More positive evaluations (F(1,357) = 12.55, p < .001, np2 = 0.03) and increasing intentions to get vaccinated (F(1,357) = 7.63, p = .006, np2 = 0.02) were shown as ANOVA main effects, but there were no format-specific interaction effects (S8 Table). Here, control information may have been as effective as fact boxes, albeit by promoting fear and perceived severity.

Discussion

Presenting the vaccination fact box pilot decreased numerical disease risk perception and promoted accurate risk perceptions, without affecting vaccination intentions. At the same time, perceived severity of the disease and fear of contracting or spreading COVID-19 were not stimulated by the fact box presentation. Prompting fear responses would have posed the risk of interfering with informed decision-making [40]. Findings supported the further development and implementation of the fact box format and appeared to confirm the assumed relationship between fact box presentation and vaccination evaluation and intention.

Study 4

Based on the insights of Studies 1, 2, and 3, Study 4 examined whether different fact box formats are effective for enabling informed vaccination intentions in a population-wide sample. Undecideds and skeptics needed and desired information (Study 2) to weigh potential benefits and harms [7]; otherwise they were hesitant to get vaccinated [8]. Study 4 tested whether both complex and simple fact boxes–based on the implemented version–would improve vaccination knowledge and modify vaccination evaluation or intention.

Materials and methods

The study was conducted according to the conditions described under Study 1. Despite having received ethical approvals for similar fact box studies before [23, 24], we sought and received approval for the study design on mRNA fact boxes (IRB of the Max Planck Institute for Human Development, A 2021–07). The study was not pre-registered.

Participants.

Study 4 was based on the sample T3 (S1 Table), described under Study 1. We excluded respondents (n = 182, 6.1%) who spent more than fivefold the average time (> about 18 minutes) on reading a fact box or on completing a question, assuming that they had likely turned to other activities.

Design.

The experiment had a mixed experimental design, with between-subjects variation (random assignment of participants to one of three presentation conditions) and with repeated assessments of vaccination evaluation within-subjects (pre- and post-presentation). The three presentation conditions were (1) simple fact box (n = 984) (see Fig 3 and S4 Fig), complex fact box (n = 974) (see S5 and S6 Figs), and (3) one group without information presentation (n = 991). The formats varied for separate age groups (18–59 years vs. 60 onward). Participants were not aware of the alternative conditions. The same introductory text was provided for each condition.

Procedure.

The procedure for the surrounding survey was described under Study 1. In Study 4, the vaccine efficacy item pair was presented either together with fact boxes (complex or simple) or without a stimulus (control group). Knowledge recall and a second vaccination evaluation were prompted after intervention.

Measures.

Outcomes of interest in Study 4 were vaccination intention, evaluation, and vaccination knowledge.
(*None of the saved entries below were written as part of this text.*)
(* Let $n\ge 4$ and $r_1\ge r_2\ge\cdots\ge r_n>0$. If $r_4+\cdots+r_n<r_3$, then there exists a homothetic packing of $n$ cubes with radii $r_1,\ldots,r_n$ and at least $4n-11$ face-to-face contacts (and hence more than $3n-3$ face-to-face contacts when $n\ge 9$).
   Context: Let $C=\{(x,y,z):-1\le x,y,z\le 1\}\subset\mathbb{R}^3$. A homothetic cube packing with radii $r_1,\ldots,r_n$ is a set $\{C_1,\ldots,C_n\}$ with $C_i=r_iC+p_i$, $p_i\in\mathbb{R}^3$, whose interiors are pairwise disjoint. A face-to-face contact is an unordered pair $\{i,j\}$, $i\ne j$, such that $C_i\cap C_j$ is a $2$-dimensional convex set. *)

From HB Require Import structures.
From mathcomp Require Import all_boot all_order all_algebra.
From mathcomp Require Import all_classical all_reals all_analysis.
From mathcomp Require Import matrix_topology matrix_normedtype.
Import numFieldNormedType.Exports.
Set Implicit Arguments. Unset Strict Implicit. Unset Printing Implicit Defensive.
Import Order.TTheory GRing.Theory Num.Theory.
Local Open Scope ring_scope.
Local Open Scope classical_set_scope.

Definition unit_cube (R : realType) : set 'rV[R]_3 :=
  [set x | forall k : 'I_3, -1 <= x ord0 k <= 1].

Definition hcube (R : realType) (r : R) (p : 'rV[R]_3) : set 'rV[R]_3 :=
  (fun c => r *: c + p) @` @unit_cube R.

Definition aff_indep (R : realType) (k : nat) (v : 'I_k.+1 -> 'rV[R]_3) : Prop :=
  \rank (\matrix_(i < k) (v (lift ord0 i) - v ord0)) = k.

Definition convex_set3 (R : realType) (S : set 'rV[R]_3) : Prop :=
  forall x y, S x -> S y -> forall t : R, 0 <= t <= 1 -> S (t *: x + (1 - t) *: y).
(* Let $X$ be a non-empty set and let $R$ be a binary relation on $X$. The following are equivalent: (a) There exists a non-empty $w$-stable set of $(X,R)$. (b) There exists a compact topology $\tau$ on $X$ with respect to which $R$ is generalized upper tc-semicontinuous.
   Context: For a binary relation $R$ on $X$, write $xRy$ for $(x,y)\in R$. The transitive closure $\overline{R}$ of $R$ is defined by: $x\overline{R}y$ iff there exist $K\in\mathbb{N}$, $K\ge 1$, and $x_0,\dots,x_K\in X$ with $x_0=x$, $x_K=y$, and $x_{k-1}Rx_k$ for all $k\in\{1,\dots,K\}$. The asymmetric part of a relation $Q$ is $P(Q)$, defined by $xP(Q)y$ iff $xQy$ and not $yQx$. A set $F\subseteq X$ is a $w$-stable set of $(X,R)$ if (i) (internal stability) for all distinct $x,y\in F$, $(x,y)\notin\overline{R}$; and (ii) (external stability) for all $x\in F$ and $y\in X\setminus F$, if $y\overline{R}x$ then $x\overline{R}y$. The relation $R$ is generalized upper tc-semicontinuous with respect to a topology $\tau$ on $X$ if for every $x\in X$ the set $\{y\in X : xP(\overline{R})y\}$ is open in $\tau$. A topology is compact if every open cover of $X$ has a finite subcover. *)

From Stdlib Require Import List Arith.

Definition tc {X : Type} (R : X -> X -> Prop) (x y : X) : Prop :=
  exists (K : nat) (s : nat -> X),
    1 <= K /\ s 0 = x /\ s K = y /\
    (forall k, 1 <= k -> k <= K -> R (s (k - 1)) (s k)).

Definition asym {X : Type} (Q : X -> X -> Prop) (x y : X) : Prop :=
  Q x y /\ ~ Q y x.

Definition w_stable {X : Type} (R : X -> X -> Prop) (F : X -> Prop) : Prop :=
  (forall x y, F x -> F y -> x <> y -> ~ tc R x y) /\
  (forall x y, F x -> ~ F y -> tc R y x -> tc R x y).

Definition is_topology {X : Type} (T : (X -> Prop) -> Prop) : Prop :=
  T (fun _ => True) /\
  T (fun _ => False) /\
  (forall U V, T U -> T V -> T (fun x => U x /\ V x)) /\
  (forall C : (X -> Prop) -> Prop, (forall U, C U -> T U) ->
     T (fun x => exists U, C U /\ U x)).

Definition compact_top {X : Type} (T : (X -> Prop) -> Prop) : Prop :=
  forall C : (X -> Prop) -> Prop,
    (forall U, C U -> T U) ->
    (forall x, exists U, C U /\ U x) ->
    exists l : list (X -> Prop),
      (forall U, In U l -> C U) /\ (forall x, exists U, In U l /\ U x).

Definition gen_upper_tc_sc {X : Type} (R : X -> X -> Prop)
    (T : (X -> Prop) -> Prop) : Prop :=
  forall x, T (fun y => asym (tc R) x y).

(* Both conditions say that the strict part P of the transitive closure has a maximal
   element x0.  A member of a w-stable set is maximal: internal stability excludes
   dominators inside the set, external stability those outside.  Conversely [{x0}] is
   then w-stable, and the excluded point topology of x0 (a set containing x0 is open
   only if it is everything) is compact and makes every upper section of P open, since
   none of them contains x0.  If P has no maximal element, the open upper sections cover
   X; a finite subcover is indexed by finitely many points, whose P-maximal one is
   covered by no section of the subcover. *)
From Stdlib Require Import List Arith Lia Classical.

Lemma tc_trans {X : Type} (R : X -> X -> Prop) x y z :
  tc R x y -> tc R y z -> tc R x z.
Proof.
  intros [K1 [s1 [HK1 [Hs1 [Hy Hstep1]]]]] [K2 [s2 [HK2 [Hs2 [Hz Hstep2]]]]].
  exists (K1 + K2), (fun k => if k <=? K1 then s1 k else s2 (k - K1)).
  split; [lia|]. split; [exact Hs1|]. split.
  { destruct (Nat.leb_spec (K1 + K2) K1); [lia|].
    replace (K1 + K2 - K1) with K2 by lia. exact Hz. }
  intros k Hk1 Hk2.
  destruct (Nat.leb_spec k K1); destruct (Nat.leb_spec (k - 1) K1); try lia.
  - apply Hstep1; lia.
  - replace (k - 1) with K1 by lia. rewrite Hy, <- Hs2.
    replace (k - K1) with 1 by lia. apply (Hstep2 1); lia.
  - replace (k - 1 - K1) with (k - K1 - 1) by lia. apply Hstep2; lia.
Qed.

Lemma asym_irrefl {X : Type} (Q : X -> X -> Prop) x : ~ asym Q x x.
Proof. intros [Hxx Hnxx]. exact (Hnxx Hxx). Qed.

Lemma asym_trans {X : Type} (Q : X -> X -> Prop) :
  (forall x y z, Q x y -> Q y z -> Q x z) ->
  forall x y z, asym Q x y -> asym Q y z -> asym Q x z.
Proof.
  intros Qtrans x y z [Hxy Hnyx] [Hyz Hnzy]. split.
  - exact (Qtrans x y z Hxy Hyz).
  - intro Hzx. exact (Hnzy (Qtrans z x y Hzx Hxy)).
Qed.

Lemma list_has_maximal {X : Type} (P : X -> X -> Prop) :
  (forall x y z, P x y -> P y z -> P x z) -> (forall x, ~ P x x) ->
  forall xs : list X, xs <> nil ->
  exists x, In x xs /\ forall y, In y xs -> ~ P y x.
Proof.
  intros Ptrans Pirr xs. induction xs as [|a xs IH]; intros Hne; [congruence|].
  destruct xs as [|b xs].
  - exists a. split; [left; reflexivity|].
    intros y [<-|[]]. exact (Pirr a).
  - destruct IH as [x [Hx Hmax]]; [discriminate|].
    destruct (classic (P a x)) as [Hax|Hnax].
    + exists a. split; [left; reflexivity|].
      intros y [<-|Hy] Hya; [exact (Pirr a Hya)|].
      exact (Hmax y Hy (Ptrans y a x Hya Hax)).
    + exists x. split; [right; exact Hx|].
      intros y [<-|Hy]; [exact Hnax|exact (Hmax y Hy)].
Qed.

Lemma In_map_surj {A B : Type} (f : A -> B) (l : list B) :
  (forall b, In b l -> exists a, f a = b) -> exists xs, map f xs = l.
Proof.
  induction l as [|b l IH]; intros Hl.
  - exists nil. reflexivity.
  - destruct (Hl b (or_introl eq_refl)) as [a Ha].
    destruct IH as [xs Hxs]; [intros c Hc; exact (Hl c (or_intror Hc))|].
    exists (a :: xs). simpl. congruence.
Qed.

Definition tc_maximal {X : Type} (R : X -> X -> Prop) (x0 : X) : Prop :=
  forall x, ~ asym (tc R) x x0.

Section StableSets.
Context {X : Type} (R : X -> X -> Prop).

Lemma w_stable_tc_maximal (F : X -> Prop) x0 :
  w_stable R F -> F x0 -> tc_maximal R x0.
Proof.
  intros [Hint Hext] Fx0 x [Hxx0 Hnx0x].
  destruct (classic (F x)) as [Fx|nFx].
  - destruct (classic (x = x0)) as [->|Hne].
    + exact (Hnx0x Hxx0).
    + exact (Hint x x0 Fx Fx0 Hne Hxx0).
  - exact (Hnx0x (Hext x0 x Fx0 nFx Hxx0)).
Qed.

Lemma tc_maximal_w_stable x0 :
  tc_maximal R x0 -> w_stable R (fun y => y = x0).
Proof.
  intros Hmax. split.
  - intros x y -> -> Hne. congruence.
  - intros x y -> Hy Hyx.
    destruct (classic (tc R x0 y)) as [Hx0y|Hnx0y]; [exact Hx0y|].
    destruct (Hmax y). split; assumption.
Qed.

End StableSets.

Definition excluded_point_topology {X : Type} (x0 : X) (U : X -> Prop) : Prop :=
  U x0 -> forall y, U y.

Section ExcludedPoint.
Context {X : Type} (x0 : X).

Lemma excluded_point_is_topology : is_topology (excluded_point_topology x0).
Proof.
  split; [intros _ y; exact I|]. split; [intros []|]. split.
  - intros U V HU HV [Ux0 Vx0] y. exact (conj (HU Ux0 y) (HV Vx0 y)).
  - intros C HC [U [CU Ux0]] y. exists U. exact (conj CU (HC U CU Ux0 y)).
Qed.

Lemma excluded_point_compact : compact_top (excluded_point_topology x0).
Proof.
  intros C HC Hcov. destruct (Hcov x0) as [U [CU Ux0]].
  exists (U :: nil). split.
  - intros V [<-|[]]. exact CU.
  - intros y. exists U. exact (conj (or_introl eq_refl) (HC U CU Ux0 y)).
Qed.

Lemma excluded_point_gen_upper_tc_sc (R : X -> X -> Prop) :
  tc_maximal R x0 -> gen_upper_tc_sc R (excluded_point_topology x0).
Proof. intros Hmax x Hx0. destruct (Hmax x Hx0). Qed.

End ExcludedPoint.

Lemma compact_gen_upper_tc_sc_tc_maximal {X : Type} (R : X -> X -> Prop)
    (T : (X -> Prop) -> Prop) :
  inhabited X -> compact_top T -> gen_upper_tc_sc R T ->
  exists x0, tc_maximal R x0.
Proof.
  intros [a] Hcomp Hsc.
  apply NNPP. intros Hnomax.
  set (section x := fun y => asym (tc R) x y).
  assert (Hdominated : forall y, exists x, section x y).
  { intros y. apply NNPP. intros Hny.
    apply Hnomax. exists y. intros x Hxy. exact (Hny (ex_intro _ x Hxy)). }
  destruct (Hcomp (fun U => exists x, section x = U)) as [l [Hl Hcov]].
  - intros U [x <-]. apply Hsc.
  - intros y. destruct (Hdominated y) as [x Hxy].
    exists (section x). exact (conj (ex_intro _ x eq_refl) Hxy).
  - destruct (In_map_surj section l Hl) as [xs <-].
    assert (Hxs : xs <> nil).
    { intros ->. destruct (Hcov a) as [U [[] _]]. }
    destruct (list_has_maximal (asym (tc R)) (asym_trans (tc R) (tc_trans R))
                (asym_irrefl (tc R)) xs Hxs) as [x [_ Hmax]].
    destruct (Hcov x) as [U [HU Ux]].
    apply in_map_iff in HU. destruct HU as [y [<- Hy]].
    exact (Hmax y Hy Ux).
Qed.

Theorem theorem1 (X : Type) (R : X -> X -> Prop) (hX : inhabited X) :
  (exists F : X -> Prop, (exists x, F x) /\ w_stable R F) <->
  (exists T : (X -> Prop) -> Prop,
     is_topology T /\ compact_top T /\ gen_upper_tc_sc R T).
Proof.
  split.
  - intros [F [[x0 Fx0] Hstable]].
    exists (excluded_point_topology x0).
    split; [apply excluded_point_is_topology|].
    split; [apply excluded_point_compact|].
    exact (excluded_point_gen_upper_tc_sc x0 R (w_stable_tc_maximal R F x0 Hstable Fx0)).
  - intros [T [_ [Hcomp Hsc]]].
    destruct (compact_gen_upper_tc_sc_tc_maximal R T hX Hcomp Hsc) as [x0 Hmax].
    exists (fun y => y = x0). split; [exists x0; reflexivity|].
    exact (tc_maximal_w_stable R x0 Hmax).
Qed.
Vaccination evaluation was assessed with participants’ ratings of the benefit-harm ratio of the COVID-19 vaccination in question on a 11-point rating scale from 0 (harms clearly outweigh the benefits) to 10 (benefits clearly outweigh the harms).

Vaccination intention and knowledge were assessed as described under Study 1. After information presentation, five items with true-false statements tested participants’ recall of vaccination safety (fatigue, serious adverse events), uncertainty (later harm, facial paresis), and efficacy.

Study time (in seconds) was the time that participants took for responding to the vaccine efficacy item pair, while some of them were presented with the interventions.

Analyses.

We used variance analyses of intervention effects on knowledge and comprehension, and additional (logistic) regression analyses to examine factors influencing knowledge of and the evaluation of the vaccination (age group-specific formats, fact box formats, education, and income).

Results

First, compared with no treatment, the sum score of vaccination knowledge was higher after fact box presentations (ANOVA main effect, F(1,3101) = 36.58, p < .001, np2 = 0.01). Respondents of both observed age groups (below 60 and 60 onward) recalled vaccine efficacy, safety, and related uncertainties differentially when presented with a fact box instead of nothing (S9 Table). Multiple logistic regressions including the factors presentation format and age group showed that respondents of both age groups, who were presented with the fact box instead of nothing, were more likely aware of the side effect of fatigue (Odds Ratio (OR) = 1.85 with a 95%-confidence interval (CI) [1.69, 2.01]). Compared to those without fact box, respondents with fact box presentation, aged 60 and above, more likely confirmed a potential risk of facial paresis (OR = 1.16 [1.04, 1.28]), and younger respondents more likely recalled vaccine efficacy (OR = 1.13 [1.02, 1.24]).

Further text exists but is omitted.